Политэкономия здравоохранения: как выйти из кризиса

15 мая 2019
Вестник_№1_2019
Автор: Гришин В.В., Рагозин А.А.

В результате реформ в сфере здравоохранения в России получена своеобразная модель финансирования медицинской помощи: от модели Семашко заимствована ведомственная и корпоративная медицина; от времен перестройки унаследован государственный рынок платных услуг; из опыта США взято корпоративное добровольное медицинское страхование, которое в России субсидируется государством льготами по налогу на прибыль предприятий и налогу на доходы работников (НДФЛ); у Канады заимствована идея делегировать финансирование помощи субъектам РФ. В статье перечислены основные причины, приведшие к этому, отмечена неизбежность проведения новых реформ и описаны ошибки старых. Также проведены разбор и сравнение системы здравоохранения США (финансирование дезинтегрировано на множество независимых друг от друга каналов, социального медицинского страхования нет), Израиля (социальное страхование) и Канады (используется британская модель). Кроме того сравниваются модели социального страхования в мире и в России.

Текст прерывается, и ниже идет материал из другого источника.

Definition prunes (n : nat) : Prop :=
  exists i j, i < j < n /\
    same_label (L i) (L n) /\ same_label (L j) (L n) /\ poised (L n) /\
    forall a b, In (Next (Until a b)) (L n) ->
      (exists x, j < x <= n /\ In b (L x)) ->
      exists y, i < y <= j /\ In b (L y).

Definition prunes0 (n : nat) : Prop :=
  exists i, i < n /\ same_label (L i) (L n) /\ poised (L n) /\
    (exists a b, In (Next (Until a b)) (L n)) /\
    ~ (exists a b x, In (Next (Until a b)) (L n) /\ i < x <= n /\ In b (L x)).

(* [cz] is the time of node [z]; [(a, b)] is its oldest pending eventuality,
   due at time [T]. *)
Definition scheduled (z cz : nat) (a b : form) (y T : nat) : Prop :=
  In (Next (Until a b)) (L z) /\ pending_since a b y z /\
  (forall a' b' y', y' < y -> ~ pending_since a' b' y' z) /\
  cz < T /\ holds T b /\ (forall m, cz < m < T -> ~ holds_all m (L z)).

(* Node [i] of the branch [L 0, ..., L n] is visited at time [C i]. *)
Record branch_inv (C : nat -> nat) (n : nat) : Prop := {
  inv_holds : holds_all (C n) (L n);
  inv_time : forall z, z < n -> poised (L z) -> C z < C n;
  inv_pending : forall z a b, z < n -> pending (L z) a b -> ~ In b (L (S z)) ->
    pending (L (S z)) a b;
  inv_no_loop : forall z, z < n -> poised (L z) -> ~ loops_back z;
  inv_scheduled : forall z, z < n -> poised (L z) -> has_X_eventuality (L z) ->
    exists a b y T, scheduled z (C z) a b y T /\
      ((forall w, z < w <= n -> ~ In b (L w)) ->
       C n < T \/ (C n = T /\ In (Until a b) (L n)))
}.
(* There is no open neighborhood $V$ of zero in $C^\infty_{\mathrm{ap}}(\mathbb{R}^n,\mathbb{R}^n)$ such that the restriction $\mathrm{Exp}_{\mathrm{LG}}|_V:V\to\mathrm{Diff}^\infty_{\mathrm{ap}}(\mathbb{R}^n)$ is a $C^1_F$-diffeomorphism onto its image.
   Context: For integer $k\ge0$, $C^k_b(\mathbb{R}^n,\mathbb{R})$ is the space of $C^k$ functions with bounded continuous derivatives of order $\le k$, norm $|f|_k=\max_{|\beta|\le k}\sup|\partial^\beta f|$; $C^k_{\mathrm{ap}}=\{f\in C^k_b:\{f(\cdot+c)\}_{c\in\mathbb{R}^n}\text{ precompact in }C^k_b\}$; $C^\infty_{\mathrm{ap}}=\bigcap_{k\ge1}C^k_{\mathrm{ap}}$ with the Fréchet topology of the norms $|\cdot|_k$; vector-valued versions componentwise. $\mathrm{Diff}^\infty_{\mathrm{ap}}(\mathbb{R}^n)$ is the group of maps $\varphi=\mathrm{id}+f$, $f\in C^\infty_{\mathrm{ap}}(\mathbb{R}^n,\mathbb{R}^n)$, $\inf_x\det(I+[d_xf])>0$, with the Fréchet topology of $f$. $\mathrm{Exp}_{\mathrm{LG}}(u)=\varphi(1)$ where $\varphi$ is the unique $C^1_F$ solution in $\mathrm{Diff}^\infty_{\mathrm{ap}}(\mathbb{R}^n)$ of $\dot\varphi=u\circ\varphi$, $\varphi(0)=\mathrm{id}$. $C^1_F$: Fréchet continuously differentiable (directional derivatives exist and are jointly continuous in point and direction); a $C^1_F$-diffeomorphism onto its image is a homeomorphism onto its image which is $C^1_F$ with $C^1_F$ inverse. *)

From HB Require Import structures.
From mathcomp Require Import all_boot all_order all_algebra.
From mathcomp Require Import all_classical all_reals all_analysis.
Set Implicit Arguments. Unset Strict Implicit. Unset Printing Implicit Defensive.
Import Order.TTheory GRing.Theory Num.Theory.
Import numFieldNormedType.Exports.
Local Open Scope classical_set_scope.
Local Open Scope ring_scope.

Section Defs.
Variables (R : realType) (n : nat).

Definition pt := 'rV[R]_n.
Definition vfun := pt -> pt.

Definition pd (i : 'I_n) (f : pt -> R) : pt -> R :=
  fun x => derive f x (delta_mx 0 i : pt).

(* iterated partial derivative along the list of coordinates s
   (multi-index of order size s) *)
Definition iterd (s : seq 'I_n) (f : pt -> R) : pt -> R := foldr pd f s.

Definition comp (f : vfun) (i : 'I_n) : pt -> R := fun x => f x ord0 i.

Definition vadd (f g : vfun) : vfun := fun x => f x + g x.
Definition vsub (f g : vfun) : vfun := fun x => f x - g x.
Definition vscale (t : R) (f : vfun) : vfun := fun x => t *: f x.
Definition vzero : vfun := fun _ => 0.

Definition smooth (f : vfun) : Prop :=
  forall (i : 'I_n) (s : seq 'I_n),
    continuous (iterd s (comp f i)) /\
    forall (x : pt) (j : 'I_n), derivable (iterd s (comp f i)) x (delta_mx 0 j : pt).

Definition all_bounded (f : vfun) : Prop :=
  forall (i : 'I_n) (s : seq 'I_n), exists M : R,
    forall x : pt, `|iterd s (comp f i) x| <= M.

Definition knorm (k : nat) (f : vfun) : R :=
  sup [set r : R | exists (s : seq 'I_n) (i : 'I_n) (x : pt),
                     (size s <= k)%N /\ r = `|iterd s (comp f i) x| ].

Definition transl (c : pt) (f : vfun) : vfun := fun x => f (x + c).

(* {f(.+c)}_c is precompact (= totally bounded) in (C^k_b, |.|_k), for all k *)
Definition ap_translates (f : vfun) : Prop :=
  forall (k : nat) (eps : R), 0 < eps ->
    exists cs : seq pt, forall c : pt,
      exists2 c', c' \in cs & knorm k (vsub (transl c f) (transl c' f)) < eps.

Definition Cinf_ap (f : vfun) : Prop :=
  smooth f /\ all_bounded f /\ ap_translates f.

Definition jac (f : vfun) (x : pt) : 'M[R]_n :=
  \matrix_(i < n, j < n) pd j (comp f i) x.

(* f is the displacement of an element id + f of Diff^infinity_ap(R^n) *)
Definition DiffAp (f : vfun) : Prop :=
  Cinf_ap f /\ exists2 d : R, 0 < d &
    forall x : pt, d <= \det (1%:M + jac f x).

Definition compose_id (u f : vfun) : vfun := fun x => u (x + f x).

Definition unit_itv : set R := [set t | 0 <= t <= 1].

(* g : [0,1] -> C^inf_ap is a C^1_F solution in Diff^infinity_ap of
   d/dt (id + g t) = u o (id + g t), (id + g 0) = id. *)
Definition IsExpSol (u : vfun) (g : R -> vfun) : Prop :=
  g 0 = vzero /\
  (forall t, unit_itv t -> DiffAp (g t)) /\
  (forall t, unit_itv t -> Cinf_ap (compose_id u (g t))) /\
  (forall t, unit_itv t -> forall (k : nat) (eps : R), 0 < eps ->
     exists2 d : R, 0 < d & forall s, unit_itv s -> 0 < `|s - t| < d ->
       knorm k (vsub (vscale (s - t)^-1 (vsub (g s) (g t)))
                     (compose_id u (g t))) < eps) /\
  (forall t, unit_itv t -> forall (k : nat) (eps : R), 0 < eps ->
     exists2 d : R, 0 < d & forall s, unit_itv s -> `|s - t| < d ->
       knorm k (vsub (compose_id u (g s)) (compose_id u (g t))) < eps).

(* Exp_LG(u) = phi(1), represented by its displacement phi(1) - id.
   (The solution is unique by the paper; if none existed we return 0.) *)
Definition expLG (u : vfun) : vfun :=
  match pselect (exists g, IsExpSol u g) with
  | left h => (proj1_sig (cid h)) 1
  | right _ => vzero
  end.

Definition open_nbhd0 (V : set vfun) : Prop :=
  (forall v, V v -> Cinf_ap v) /\ V vzero /\
  forall v, V v -> exists (k : nat) (d : R), 0 < d /\
     forall w, Cinf_ap w -> knorm k (vsub w v) < d -> V w.

Definition fcont_on (W : set vfun) (F : vfun -> vfun) : Prop :=
  forall w, W w -> forall (k : nat) (eps : R), 0 < eps ->
    exists (k' : nat) (d : R), 0 < d /\
      forall w', W w' -> knorm k' (vsub w' w) < d ->
        knorm k (vsub (F w') (F w)) < eps.

Definition C1F_on (W : set vfun) (F : vfun -> vfun) : Prop :=
  exists dF : vfun -> vfun -> vfun,
    (forall w h, W w -> Cinf_ap h -> Cinf_ap (dF w h)) /\
    (forall w h, W w -> Cinf_ap h -> forall (k : nat) (eps : R), 0 < eps ->
       exists2 d : R, 0 < d & forall t : R, 0 < `|t| < d ->
         W (vadd w (vscale t h)) ->
         knorm k (vsub (vscale t^-1 (vsub (F (vadd w (vscale t h))) (F w)))
                       (dF w h)) < eps) /\
    (forall w h, W w -> Cinf_ap h -> forall (k : nat) (eps : R), 0 < eps ->
       exists (k' : nat) (d : R), 0 < d /\
         forall w' h', W w' -> Cinf_ap h' ->
           knorm k' (vsub w' w) < d -> knorm k' (vsub h' h) < d ->
           knorm k (vsub (dF w' h') (dF w h)) < eps).

(* F|_V is a C^1_F diffeomorphism onto its image F(V) (in Diff^inf_ap,
   topologised via displacements). *)
Definition C1F_diffeo_onto_image (V : set vfun) (F : vfun -> vfun) : Prop :=
  (forall v, V v -> DiffAp (F v)) /\
  (forall v w, V v -> V w -> F v = F w -> v = w) /\
  fcont_on V F /\ C1F_on V F /\
  exists G : vfun -> vfun,
    (forall v, V v -> G (F v) = v) /\
    fcont_on (F @` V) G /\ C1F_on (F @` V) G.

End Defs.

(* Exp_LG is not injective near 0.  Fix a coordinate x_i0, a small period P and
   w = 2 pi / P.  The constant field P e_i0 and the field u(x) = P / (1 + b cos (w x_i0)) e_i0
   have the same time-one map, the translation by P e_i0: along a trajectory of u the clock
   A(y) = (y + (b / w) sin (w y)) / P satisfies A' u = 1, so it grows by exactly 1 in unit
   time, while A(y + P) = A(y) + 1 and A is injective.  Both fields are C^k-small once P is
   small, since every derivative of u of positive order carries a factor b, which is chosen
   small against w^k. *)

From Pilot Require Import Defs.
From HB Require Import structures.
From mathcomp Require Import all_boot all_order all_algebra.
From mathcomp Require Import all_classical all_reals all_analysis.
From mathcomp Require Import ring lra.
Set Implicit Arguments. Unset Strict Implicit. Unset Printing Implicit Defensive.
Import Order.TTheory GRing.Theory Num.Theory.
Import numFieldNormedType.Exports.
Local Open Scope classical_set_scope.
Local Open Scope ring_scope.

Section RealFunctions.
Variable R : realType.

Lemma real_induction01 (Q : R -> Prop) :
  (forall t, 0 <= t <= 1 -> (forall r, 0 <= r < t -> Q r) -> Q t) ->
  (forall t, 0 <= t < 1 -> (forall r, 0 <= r <= t -> Q r) ->
     exists2 d, 0 < d & forall r, t < r < t + d -> r <= 1 -> Q r) ->
  Q 1.
Proof.
move=> closed open.
pose S := [set t : R | 0 <= t <= 1 /\ forall r, 0 <= r <= t -> Q r].
have Q0 : Q 0 by apply: closed => [|r]; [rewrite lexx ler01 | lra].
have S0 : S 0 by split=> [|r r0]; [rewrite lexx ler01 | have -> : r = 0 by lra].
have S_ub : ubound S 1 by move=> t [/andP[]].
have supS : has_sup S by split; [exists 0 | exists 1].
set tau := sup S.
have tau01 : 0 <= tau <= 1.
  apply/andP; split; first by apply: ub_le_sup => //; case: supS.
  by apply: ge_sup; [exists 0 |].
have below r : 0 <= r < tau -> Q r.
  move=> /andP[r0 rtau]; move: (rtau); rewrite -subr_gt0 => /sup_adherent.
  case/(_ S supS) => s [_ Ss] rs.
  by apply: Ss; rewrite r0 /=; move: rs; rewrite -/tau; lra.
have upto r : 0 <= r <= tau -> Q r.
  move=> /andP[r0]; rewrite le_eqVlt => /orP[/eqP -> | rtau]; last by apply: below; rewrite r0.
  exact: closed.
have [tau1|tau1] := ltrP tau 1; last by apply: upto; lra.
have tau_itv : 0 <= tau < 1 by rewrite tau1 andbT; case/andP: tau01.
have [d d0 above] := open tau tau_itv upto.
pose t' := Num.min (tau + d / 2) 1.
have t'_le : t' <= tau + d / 2 /\ t' <= 1 by split; rewrite ge_min lexx ?orbT.
have tau_lt : tau < t' by rewrite lt_min tau1 ltrDl divr_gt0.
suff St' : S t'.
  have : t' <= tau by apply: ub_le_sup => //; case: supS.
  by rewrite leNgt tau_lt.
split=> [|r /andP[r0 rt']]; first lra.
have [rtau|taur] := lerP r tau; first by apply: upto; rewrite r0.
by apply: above; lra.
Qed.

С конца 1980-х годов в России идут реформы здравоохранения, направленные на рост его финансирования и эффективности использования ресурсов за счет привлечения внебюджетного финансирования и перехода на страховые механизмы и рыночные принципы. Однако три десятилетия реформ привели к прямо противоположному результату.

По эффективности здравоохранения Россия из года в год занимает последние места в рейтинге The Most Efficient Health Care агентства Bloomberg, а финансирование общедоступной медицинской помощи в 2–3 раза ниже, чем нужно, по опыту развитых стран, и ощутимо меньше, чем в СССР (табл. 1).

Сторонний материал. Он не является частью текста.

Lemma commensurations_index_bound (G : group) (S : seq (Defs.pmap G)) :
  (forall a, List.In a S -> is_commensuration a) ->
  exists N, forall a, List.In a S -> exists nd nc, nd < N /\ nc < N /\
    has_index (pdom a) nd /\ has_index (pcod a) nc.
Proof.
elim: S => [|a S IH] S_comm; first by exists 0.
have [N N_bound] := IH (fun b Sb => S_comm b (or_intror Sb)).
have [[_ [nd a_dom]] [[_ [nc a_cod]] _]] := S_comm a (or_introl erefl).
exists (nd + nc + N).+1 => b [<- | Sb].
  by exists nd, nc; do 2 (split; first lia).
have [nd' [nc' [? [? ?]]]] := N_bound b Sb.
by exists nd', nc'; do 2 (split; first lia).
Qed.

Lemma aut_of_sub_commensuration (G : group) (H : G -> Prop) (phi : G -> G) :
  finite_index_subgroup H -> is_aut_of_sub H phi -> is_commensuration (PMap H H phi).
Proof. by move=> H_fi [phi_maps [phi_hom [phi_inj phi_onto]]]. Qed.

Theorem theorem2p7 (G : group) :
  unique_root_property G ->
  (forall N : nat, exists p : nat, N <= p /\ prime p /\
     exists H : G -> Prop, is_normal H /\ has_index H p /\
       exists phi : G -> G, is_aut_of_sub H phi /\
         ~ (exists psi : G -> G, is_aut psi /\ forall x, H x -> psi x = phi x)) ->
  ~ comm_finitely_generated G.
Proof.
move=> G_roots primes_ext [S [S_comm S_gen]].
have [N N_bound] := commensurations_index_bound S_comm.
have [p [le_Np [p_prime [H [H_normal [H_index [phi [phi_aut no_ext]]]]]]]] := primes_ext N.
apply/no_ext/(dense_approx_extend G_roots H_normal H_index phi_aut).
apply: (dense_approx_generated G_roots _ (S_gen _ _)).
  move=> a Sa; have [nd [nc [lt_ndN [lt_ncN [a_dom a_cod]]]]] := N_bound a Sa.
  apply: (dense_approx_small_index p_prime (S_comm a Sa) a_dom _ a_cod);
    exact: leq_trans le_Np.
apply: aut_of_sub_commensuration phi_aut.
by split; [case: H_normal | exists p].
Qed.
Definition fits (D : pred nat) (ic : 'I_q * 'I_(maxcol v)) : bool :=
  [&& ic.2 < v ic.1, (m ic.1).-1 * p <= c0 &
      [forall j : 'I_N, covers p m (top_tile ic) j ==> D j]].

Definition peel (D : pred nat) (ic : 'I_q * 'I_(maxcol v)) : pred nat :=
  [pred j | D j && ~~ covers p m (top_tile ic) j].

Lemma top_tile_covers ic : (m ic.1).-1 * p <= c0 -> covers p m (top_tile ic) c0.
Proof.
case: ic => i c le_c0; apply/(coversP i c (Ordinal (top_tile_start_lt i))).
exists (m i).-1; last by rewrite /= subnK.
by rewrite prednK.
Qed.

Lemma top_tile_inj : injective top_tile.
Proof. by case=> [i c] [i' c'] [-> ->]. Qed.

Lemma top_tile_notin D ic S :
  fits D ic -> tiling_of (peel D ic) S -> top_tile ic \notin S.
Proof.
case/and3P=> _ le_c0 _ /andP[/forall_inP tileS _]; apply/negP => /tileS.
case/andP=> _ /forallP/(_ (Ordinal c0_lt))/implyP/(_ (top_tile_covers le_c0)).
by case/andP=> _ /negP; apply; apply: top_tile_covers.
Qed.

Lemma tiling_of_setU1 D ic S :
  fits D ic -> tiling_of (peel D ic) S -> tiling_of D (top_tile ic |: S).
Proof.
move=> fitD tileS; have notinS := top_tile_notin fitD tileS.
case/and3P: fitD => lt_v le_c0 /forallP inD.
case/andP: tileS => /forall_inP tileS /forallP onceS.
apply/andP; split.
  apply/forall_inP => t /setU1P[-> | tS].
    by rewrite /valid /= subnK // lt_v c0_lt; apply/forallP.
  case/andP: (tileS t tS) => -> /forallP inPeel; apply/forallP => j.
  by apply/implyP => /(implyP (inPeel j)) /andP[].
apply/forallP => j; apply/implyP => Dj.
rewrite card_covering big_setU1 //; case topj: (covers p m (top_tile ic) j).
  rewrite big1 // => t tS; case tj: (covers p m t j) => //.
  have /andP[_ /forallP/(_ j)/implyP/(_ tj)/andP[_]] := tileS t tS.
  by rewrite topj.
rewrite -card_covering; apply: (implyP (onceS j)).
by apply/andP; rewrite topj.
Qed.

Таблица 1. Расходы на общественное здравоохранение

Налицо провал реформ, которые привели к сочетанию дефицита ресурсов и их неэффективного использования, падению доступности медицинской помощи, обнищанию медицинских работников и превращению здравоохранения в очаг социальной напряженности. Причина – непонимание разницы политэкономии исходной (советской) модели Семашко и двух других распространенных в мире моделей финансирования общедоступной медицинской помощи населению – социального страхования и так называемой британской бюджетной модели. Их ключевое отличие от модели Семашко – отношение к медицинскому труду и создаваемой врачами добавленной стоимости. Эта новая стоимость восстановленного здоровья и трудоспособности пациентов, трудового долголетия работников, снижения трудопотерь из-за болезней и травм, а также мультипликативного эффекта здравоохранения приведет к созданию новой стоимости в сопряженных с медициной отраслях экономики.

Социальное страхование и британская бюджетная модель признают медицинский труд производительным, оплачивая медицинские услуги по полному тарифу, который рассчитывается как сумма фактической себестоимости (включая амортизационные отчисления за износ основных средств) с добавлением наценки, отражающей созданную новую стоимость.

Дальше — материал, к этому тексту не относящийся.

Lemma continuity_pt_lipschitz_at (f : R -> R) x0 r L :
  0 < r -> 0 <= L ->
  (forall x, Rabs (x - x0) < r -> Rabs (f x - f x0) <= L * Rabs (x - x0)) ->
  continuity_pt f x0.
Proof.
  intros Hr HL Hf eps Heps.
  exists (Rmin r (eps / (L + 1))); split.
  - apply Rmin_pos; [lra | apply Rdiv_lt_0_compat; lra].
  - intros x [_ Hx]; simpl in *; unfold R_dist in *.
    apply Rmin_Rgt in Hx as [Hxr Hxe].
    pose proof (Rabs_pos (x - x0)).
    apply Rle_lt_trans with ((L + 1) * Rabs (x - x0)); [specialize (Hf x Hxr); nra |].
    apply Rmult_lt_compat_l with (r := L + 1) in Hxe; [| lra].
    unfold Rdiv in Hxe; rewrite <- Rmult_assoc, Rinv_r_simpl_m in Hxe; lra.
Qed.

Lemma is_RInt_inv_affine (alpha beta a b : R) :
  beta <> 0 -> a <= b -> (forall u, a <= u <= b -> 0 < alpha + beta * u) ->
  is_RInt (fun u => / (alpha + beta * u)) a b
    ((ln (alpha + beta * b) - ln (alpha + beta * a)) / beta).
Proof.
  intros Hbeta Hab Hpos.
  replace ((ln (alpha + beta * b) - ln (alpha + beta * a)) / beta)
    with (minus (ln (alpha + beta * b) / beta) (ln (alpha + beta * a) / beta))
    by (unfold minus, plus, opp; simpl; field; exact Hbeta).
  apply (is_RInt_derive (V := R_CompleteNormedModule) (fun u => ln (alpha + beta * u) / beta));
    intros x Hx; rewrite Rmin_left, Rmax_right in Hx by exact Hab;
    specialize (Hpos x Hx).
  - auto_derive; [lra | field; lra].
  - apply (ex_derive_continuous (V := R_NormedModule)); auto_derive; lra.
Qed.

Lemma ln_quotient_le_RInt_inv (h : R -> R) (alpha beta a b : R) :
  beta <> 0 -> a <= b -> ex_RInt (fun u => / h u) a b ->
  (forall u, a <= u <= b -> 0 < h u <= alpha + beta * u) ->
  (ln (alpha + beta * b) - ln (alpha + beta * a)) / beta <= RInt (fun u => / h u) a b.
Proof.
  intros Hbeta Hab Hh Hle.
  assert (Hpos : forall u, a <= u <= b -> 0 < alpha + beta * u)
    by (intros u Hu; specialize (Hle u Hu); lra).
  pose proof (is_RInt_inv_affine alpha beta a b Hbeta Hab Hpos) as Haff.
  rewrite <- (is_RInt_unique _ _ _ _ Haff).
  apply RInt_le; [exact Hab | eexists; exact Haff | exact Hh |].
  intros u Hu. apply Rinv_le_contravar; apply Hle; lra.
Qed.

Definition inv_integral (g : R -> R) (gam p : R) : R := RInt (fun u => / (g u + gam)) 0 p.

Section InvIntegral.

Variables (g : R -> R) (m p K u0 : R).
Hypothesis p_pos : 0 < p.
Hypothesis K_pos : 0 < K.
Hypothesis g_lipschitz : forall u v, Rabs (g u - g v) <= K * Rabs (u - v).
Hypothesis g_ge : forall u, m <= g u.
Hypothesis u0_in : 0 <= u0 <= p.
Hypothesis g_u0 : g u0 = m.

Lemma continuous_inv_shift gam x : - m < gam -> continuous (fun u => / (g u + gam)) x.
Proof.
  intros Hgam. apply continuous_Rinv_comp; [| specialize (g_ge x); lra].
  apply (continuous_plus g (fun _ => gam)); [| apply continuous_const].
  apply continuity_pt_filterlim, (continuity_pt_lipschitz_at _ _ 1 K); [lra | lra |].
  intros y _. apply g_lipschitz.
Qed.

Lemma ex_RInt_inv_shift gam a b : - m < gam -> ex_RInt (fun u => / (g u + gam)) a b.
Proof.
  intros Hgam. apply (ex_RInt_continuous (V := R_CompleteNormedModule)).
  intros x _. now apply continuous_inv_shift.
Qed.

Lemma inv_integral_decreasing g1 g2 :
  - m < g1 -> g1 < g2 -> inv_integral g g2 p < inv_integral g g1 p.
Proof.
  intros Hg1 Hg12. apply RInt_lt; [exact p_pos | | |].
  1, 2: intros x _; apply continuous_inv_shift; lra.
  intros x _. specialize (g_ge x). apply Rinv_lt_contravar; nra.
Qed.

Lemma inv_integral_le gam : - m < gam -> inv_integral g gam p <= p / (m + gam).
Proof.
  intros Hgam. unfold inv_integral.
  apply Rle_trans with (RInt (fun _ => / (m + gam)) 0 p).
  - apply RInt_le; [lra | now apply ex_RInt_inv_shift | apply ex_RInt_const |].
    intros x _. specialize (g_ge x). apply Rinv_le_contravar; lra.
  - rewrite RInt_const. unfold scal; simpl; unfold mult; simpl. unfold Rdiv. lra.
Qed.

Тем самым становится возможным самофинансирование лечебных учреждений и их расширенное воспроизводство как за счет собственных ресурсов (амортизационных отчислений и формируемой из наценки прибыли), так и внешних источников: кредита и рыночных инвестиций, что определяет платежеспособный спрос на инновации. Поэтому здравоохранение в странах с социальным страхованием и британской бюджетной моделью – мощный производственный сектор экономики.

За счет добавления наценки к себестоимости медицинской помощи прямой вклад здравоохранения в ВВП (без учета его инфраструктурного и мультипликационного эффекта) достигает 9–11% валового внутреннего продукта (ВВП), что примерно в 5 раз больше «оборонки» и в 2 раза выше цифровой экономики. Тем самым здравоохранение развивает всю экономику в целом и получает от ее роста увеличение собственного финансирования.

Однако гарантировать населению общедоступность медицинской помощи, оплачивая ее по полному тарифу с наценкой, можно, только консолидировав все ресурсы общества в одном канале по принципу социальной солидарности. Поэтому в странах с социальным страхованием и британской бюджетной моделью нет ведомственных и корпоративных больниц, а основной потребитель добровольного медицинского страхования (ДМС) и платных услуг – физические лица с высоким доходом и иностранцы. Разница лишь в том, что британская модель – институт постиндустриального государства всеобщего благосостояния, который обеспечивает одноканальную консолидацию средств за счет лично уплачиваемых налогов в условиях мощной и прозрачной экономики.

Напротив, социальное страхование – негосударственный институт индустриального общества, который доступен не только богатым, но и бедным странам со слабой экономикой и масштабным теневым сектором. Социальное страхование обеспечивает одноканальную консолидацию «окрашенных» (предназначенных только для оплаты помощи населению) ресурсов за счет социальной солидарности взносов, уплачиваемых каждым членом общества. Работники и работодатели платят взносы солидарно (поровну).

Взрослые неработающие и самозанятые солидарно со страхующим их государством платят фиксированный процент от своих пенсий, пособий и заработков. Пациенты вносят соплатежи, солидарные с системой социального страхования – интегрированные с его тарифами на медуслуги и клиническими рекомендациями.

Таким образом, как социальное страхование, так и британская бюджетная модель являются:

а) производительными – оплачивают медицинскую помощь с наценкой;
б) общенациональными (одноканальными), практически безальтернативными для населения;
в) социально солидарными – финансируются налогами или взносами, лично уплачиваемыми каждым членом общества, и обеспечивают равенство медицинских гарантий каждому.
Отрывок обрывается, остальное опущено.